Collected data
(* Hamilton quaternions as pairs (z, w) representing z + w j with z, w in C,
   using j z = conj(z) j and j^2 = -1. *)
Definition quat := (algC * algC)%type.
Definition qmul (p q : quat) : quat :=
  (p.1 * q.1 - p.2 * q.2^*, p.1 * q.2 + p.2 * q.1^*).
Definition qnorm2 (p : quat) : algC := `|p.1| ^+ 2 + `|p.2| ^+ 2.

Definition inS (D : int) (eps : nat) (u : quat) : Prop :=
  exists r s, inR D r /\ inR D s /\ u = (r, s * sqrtC (eps%:R)).

From mathcomp Require Import all_boot all_order all_algebra algC algnum ring.
Import Order.TTheory GRing.Theory Num.Theory.
Set Implicit Arguments. Unset Strict Implicit. Unset Printing Implicit Defensive.
Local Open Scope ring_scope.

(** For hermitian [M], the vector [b = c (M a)_perp] is automatically Q-orthogonal
    to [a], with [Q b = |c|^2 det M Q a] and [cross a b = c conj (Q a)], where [cross]
    is the determinant of the two columns.  So a basis of type [delta] has
    [|delta|^2 = Delta] and [conj (cross a1 a2) = nu delta], which gives (1).  Writing
    [a1 = (conj t, conj s)] and [a2 = (-q, conj p)], the remaining conditions become the
    quaternion identities for [u = p + s sqrt(eps) j] and [v = q + t sqrt(eps) j], which
    gives (2).  For (3), let [g] generate the ideal spanned by the entries of [M a1].  The
    Lagrange identity [|<x, a>_M|^2 = Q x Q a - det M |cross x a|^2] shows that
    [|g|^2 / Delta] lies in [R]; being a norm from [K], in a principal ideal domain it
    is a norm [|c|^2] from [R], and [a2 = (c / conj g) (M a1)_perp] is integral. *)


Lemma ord2_cases (i : 'I_2) : i = 0 \/ i = 1.
Proof. by case: i => [[|[|//]] Hi]; [left|right]; apply/val_inj. Qed.

Lemma big_ord2 (V : nmodType) (F : 'I_2 -> V) : \sum_i F i = F 0 + F 1.
Proof. by rewrite !big_ord_recl big_ord0 addr0; congr (F _ + F _); apply/val_inj. Qed.

Lemma det_mx2 (R : comPzRingType) (M : 'M[R]_2) : \det M = M 0 0 * M 1 1 - M 0 1 * M 1 0.
Proof.
rewrite (expand_det_row _ 0) big_ord2 /cofactor !det_mx11 !mxE /= expr0 expr1.
have -> : lift 0 (0 : 'I_1) = 1 :> 'I_2 by apply/val_inj.
have -> : lift 1 (0 : 'I_1) = 0 :> 'I_2 by apply/val_inj.
by rewrite mul1r mulN1r mulrN.
Qed.

Lemma mulmx_cV2 (R : pzRingType) (M : 'M[R]_2) (a : 'cV[R]_2) i :
  (M *m a) i 0 = M i 0 * a 0 0 + M i 1 * a 1 0.
Proof. by rewrite mxE big_ord2. Qed.

Definition cross (R : pzRingType) (a b : 'cV[R]_2) : R := a 0 0 * b 1 0 - a 1 0 * b 0 0.

(* Stated on [algC] itself: the generic morphism lemmas leave conjugations whose
   canonical instance no longer matches later rewrites and [ring]. *)
Lemma conjD (x y : algC) : (x + y)^* = x^* + y^*. Proof. exact: rmorphD. Qed.
Lemma conjB (x y : algC) : (x - y)^* = x^* - y^*. Proof. exact: rmorphB. Qed.
Lemma conjN (x : algC) : (- x)^* = - x^*. Proof. exact: rmorphN. Qed.
Lemma conjM (x y : algC) : (x * y)^* = x^* * y^*. Proof. exact: rmorphM. Qed.
Lemma conjV (x : algC) : (x^-1)^* = (x^*)^-1. Proof. exact: fmorphV. Qed.
Lemma conjK (x : algC) : (x^*)^* = x. Proof. exact: conjCK. Qed.
Lemma conj0 : (0 : algC)^* = 0. Proof. exact: rmorph0. Qed.
Lemma conj1 : (1 : algC)^* = 1. Proof. exact: rmorph1. Qed.
Lemma conjn (n : nat) : (n%:R : algC)^* = n%:R. Proof. exact: conjC_nat. Qed.
Lemma conj_ratr (q : rat) : (ratr q : algC)^* = ratr q.
Proof. by apply/conj_Crat/Crat_rat. Qed.
Definition conjE := (conj_ratr, conjD, conjB, conjN, conjM, conjV, conjK, conj0, conj1, conjn).
Definition smooth_on (U : pt -> Prop) (f : pt -> R) : Prop :=
  forall (l : list nat) (p : pt), U p ->
    continuous (iter_pder l f) p /\
    forall mu, (mu < 3)%nat -> ex_pder mu (iter_pder l f) p.

Definition sum3 (f : nat -> R) : R := f 0%nat + f 1%nat + f 2%nat.
Definition sum2 (f : nat -> R) : R := f 1%nat + f 2%nat.
Definition kron (i j : nat) : R := if Nat.eqb i j then 1 else 0.
Definition eps (a b : nat) : R :=
  match a, b with 1%nat, 2%nat => 1 | 2%nat, 1%nat => -1 | _, _ => 0 end.

Record mat2 := M2 { m11 : R; m12 : R; m21 : R; m22 : R }.
Definition spinor := (R * R)%type.
Definition mmul (A B : mat2) : mat2 :=
  M2 (m11 A * m11 B + m12 A * m21 B) (m11 A * m12 B + m12 A * m22 B)
     (m21 A * m11 B + m22 A * m21 B) (m21 A * m12 B + m22 A * m22 B).
Definition madd (A B : mat2) : mat2 :=
  M2 (m11 A + m11 B) (m12 A + m12 B) (m21 A + m21 B) (m22 A + m22 B).
Definition mscal (c : R) (A : mat2) : mat2 :=
  M2 (c * m11 A) (c * m12 A) (c * m21 A) (c * m22 A).
Definition mzero : mat2 := M2 0 0 0 0.
Definition mid : mat2 := M2 1 0 0 1.
Definition msum3 (f : nat -> mat2) : mat2 := madd (madd (f 0%nat) (f 1%nat)) (f 2%nat).
Definition msum2 (f : nat -> mat2) : mat2 := madd (f 1%nat) (f 2%nat).
Definition mapp (A : mat2) (z : spinor) : spinor :=
  (m11 A * fst z + m12 A * snd z, m21 A * fst z + m22 A * snd z).

(** Gamma matrices: a real representation with gamma_1 = sigma_3,
    gamma_2 = sigma_1, gamma_0 = gamma_1 gamma_2, so that gamma_0^2 = -1,
    {gamma_a,gamma_b} = 2 delta_ab, {gamma_0,gamma_a} = 0 and
    gamma_12 = gamma_0 (i.e. gamma_ab = eps_ab gamma_0). *)
Definition gam (a : nat) : mat2 :=
  match a with
  | 1%nat => M2 1 0 0 (-1)
  | 2%nat => M2 0 1 1 0
  | _ => M2 0 1 (-1) 0 end.
Definition gam0 : mat2 := gam 0.
Definition gamUp (a : nat) : mat2 :=
  match a with 0%nat => mscal (-1) gam0 | _ => gam a end.
Definition gam2 (A B : nat) : mat2 :=
  mscal (1/2) (madd (mmul (gam A) (gam B)) (mscal (-1) (mmul (gam B) (gam A)))).

(** Majorana condition: with C_3 = -i (0 1; -1 0) (antisymmetric, and
    gamma^T = - C_3 gamma C_3^{-1} for all gamma above) the condition
    zeta^* = i C_3 gamma^0 zeta reads zeta^* = zeta, i.e. Majorana spinors
    are exactly the real two-component spinors: type spinor = R*R. *)

Section NC.
(** Newton-Cartan data: tau_mu, e_mu^a, m_mu, and projective inverses
    tau^mu (tauI), e^mu_a (eI); background fields v, u (via Re/Im),
    v_mu given by components v_0 (v0) and v_a (va). *)
Variables (tau : nat -> pt -> R) (e : nat -> nat -> pt -> R) (m : nat -> pt -> R)
  (tauI : nat -> pt -> R) (eI : nat -> nat -> pt -> R)
  (v : pt -> R) (reU imU : pt -> R) (v0 : pt -> R) (va : nat -> pt -> R).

▶ Exercise objective: In the data above, find the line that contains "exists r s, inR" and the line that contains "have -> : lift 0". Repeat exactly those lines and every line between them, and only those.

▶ Result:
  exists r s, inR D r /\ inR D s /\ u = (r, s * sqrtC (eps%:R)).

From mathcomp Require Import all_boot all_order all_algebra algC algnum ring.
Import Order.TTheory GRing.Theory Num.Theory.
Set Implicit Arguments. Unset Strict Implicit. Unset Printing Implicit Defensive.
Local Open Scope ring_scope.

(** For hermitian [M], the vector [b = c (M a)_perp] is automatically Q-orthogonal
    to [a], with [Q b = |c|^2 det M Q a] and [cross a b = c conj (Q a)], where [cross]
    is the determinant of the two columns.  So a basis of type [delta] has
    [|delta|^2 = Delta] and [conj (cross a1 a2) = nu delta], which gives (1).  Writing
    [a1 = (conj t, conj s)] and [a2 = (-q, conj p)], the remaining conditions become the
    quaternion identities for [u = p + s sqrt(eps) j] and [v = q + t sqrt(eps) j], which
    gives (2).  For (3), let [g] generate the ideal spanned by the entries of [M a1].  The
    Lagrange identity [|<x, a>_M|^2 = Q x Q a - det M |cross x a|^2] shows that
    [|g|^2 / Delta] lies in [R]; being a norm from [K], in a principal ideal domain it
    is a norm [|c|^2] from [R], and [a2 = (c / conj g) (M a1)_perp] is integral. *)


Lemma ord2_cases (i : 'I_2) : i = 0 \/ i = 1.
Proof. by case: i => [[|[|//]] Hi]; [left|right]; apply/val_inj. Qed.

Lemma big_ord2 (V : nmodType) (F : 'I_2 -> V) : \sum_i F i = F 0 + F 1.
Proof. by rewrite !big_ord_recl big_ord0 addr0; congr (F _ + F _); apply/val_inj. Qed.

Lemma det_mx2 (R : comPzRingType) (M : 'M[R]_2) : \det M = M 0 0 * M 1 1 - M 0 1 * M 1 0.
Proof.
rewrite (expand_det_row _ 0) big_ord2 /cofactor !det_mx11 !mxE /= expr0 expr1.
have -> : lift 0 (0 : 'I_1) = 1 :> 'I_2 by apply/val_inj.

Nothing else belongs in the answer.